* WHAT IS REQUIRED:
Find the lines of the listing that contain the string "Definition", and return them.

* PROVIDED MATERIAL:
Lemma far_connect c (R : rel V) :
  (forall a b, hadj a b -> far c a -> far c b -> R a b) ->
  forall x y, far c x -> far c y -> connect R x y.
Proof.
move=> adjR x y; elim: {x}(hamming x y) {-2}x (leqnn (hamming x y)) => [|m IHm] x.
  by rewrite leqn0 hamming_eq0 => /eqP-> _ _.
case: (eqVneq x y) => [-> _ _ _ | x_y le_m cx cy]; first exact: connect0.
have [i xy] := exists_coord_neq x_y.
have cz := far_upd i cx cy.
apply: connect_trans (connect1 (adjR _ _ (hadj_upd xy) cx cz)) (IHm _ _ cz cy).
by rewrite -ltnS; apply: leq_trans (hamming_upd_lt xy) le_m.
Qed.

Definition antipode c c' : V :=
  [ffun i => odflt (c i) [pick v | (v != c i) && (v != c' i)]].

Lemma far_antipode c c' : (forall i : 'I_d, #|[set c i; c' i]| < n i) ->
  far c (antipode c c') && far c' (antipode c c').
Proof.
move=> small; have avoid i : (antipode c c' i != c i) && (antipode c c' i != c' i).
  rewrite ffunE; case: pickP => [v -> // | none].
  have [|v cv] := @exists_neq2 _ (c i) (c' i); first by rewrite card_ord small.
  by rewrite none in cv.
by apply/andP; split; apply/forallP => i; case/andP: (avoid i).
Qed.

Lemma card_hvert : #|V| = \prod_(i < d) n i.
Proof.
rewrite card_dep_ffun foldrE big_map big_enum.
by apply: eq_bigr => i _; rewrite card_ord.
Qed.

Lemma double_dim_le_card : (forall i : 'I_d, 1 < n i) -> 2 * d <= #|V|.
Proof.
move=> n_gt1; rewrite card_hvert.
apply: leq_trans (leq_prod (E1 := fun=> 2) (fun i _ => n_gt1 i)).
rewrite prod_nat_const card_ord.
by case: (d) => // k; rewrite expnS leq_mul2l ltn_expl.
Qed.

Lemma far_neq c x : 0 < d -> far c x -> x != c.
Proof.
by move=> d_gt0; rewrite far_hamming -hamming_eq0 => /eqP->; rewrite -lt0n.
Qed.

Definition far_edge c a b := [&& hadj a b, far c a & far c b].
Definition far_near_edge c a b := [&& hadj a b, far c a & d.-1 <= hamming b c].

Lemma far_near_connect c s y : far c s -> d.-1 <= hamming y c ->
  connect (far_near_edge c) s y.
Proof.
have far_near a b : hadj a b -> far c a -> far c b -> far_near_edge c a b.
  move=> ab ca; rewrite far_hamming => /eqP cb.
  by rewrite /far_near_edge ab ca cb leq_pred.
move=> cs; case cy: (far c y) => y_near; first exact: far_connect far_near _ _ cs cy.
have [i yc] : exists i, y i = c i.
  by move/negbT: cy => /forallPn[i /negbNE/eqP]; exists i.
set z := upd y s i; have si : s i != c i by apply: (forallP cs).
have cz : far c z.
  rewrite far_hamming hamming_upd_succ //; have := hamming_le_dim z c.
  rewrite hamming_upd_succ //; move/negbT: cy; rewrite far_hamming.
  by move: y_near; lia.
apply: connect_trans (far_connect far_near cs cz) (connect1 _).
by rewrite /far_near_edge hadj_sym hadj_upd ?yc 1?eq_sym // cz.
Qed.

* WRITTEN RESPONSE:
Definition antipode c c' : V :=
Definition far_edge c a b := [&& hadj a b, far c a & far c b].
Definition far_near_edge c a b := [&& hadj a b, far c a & d.-1 <= hamming b c].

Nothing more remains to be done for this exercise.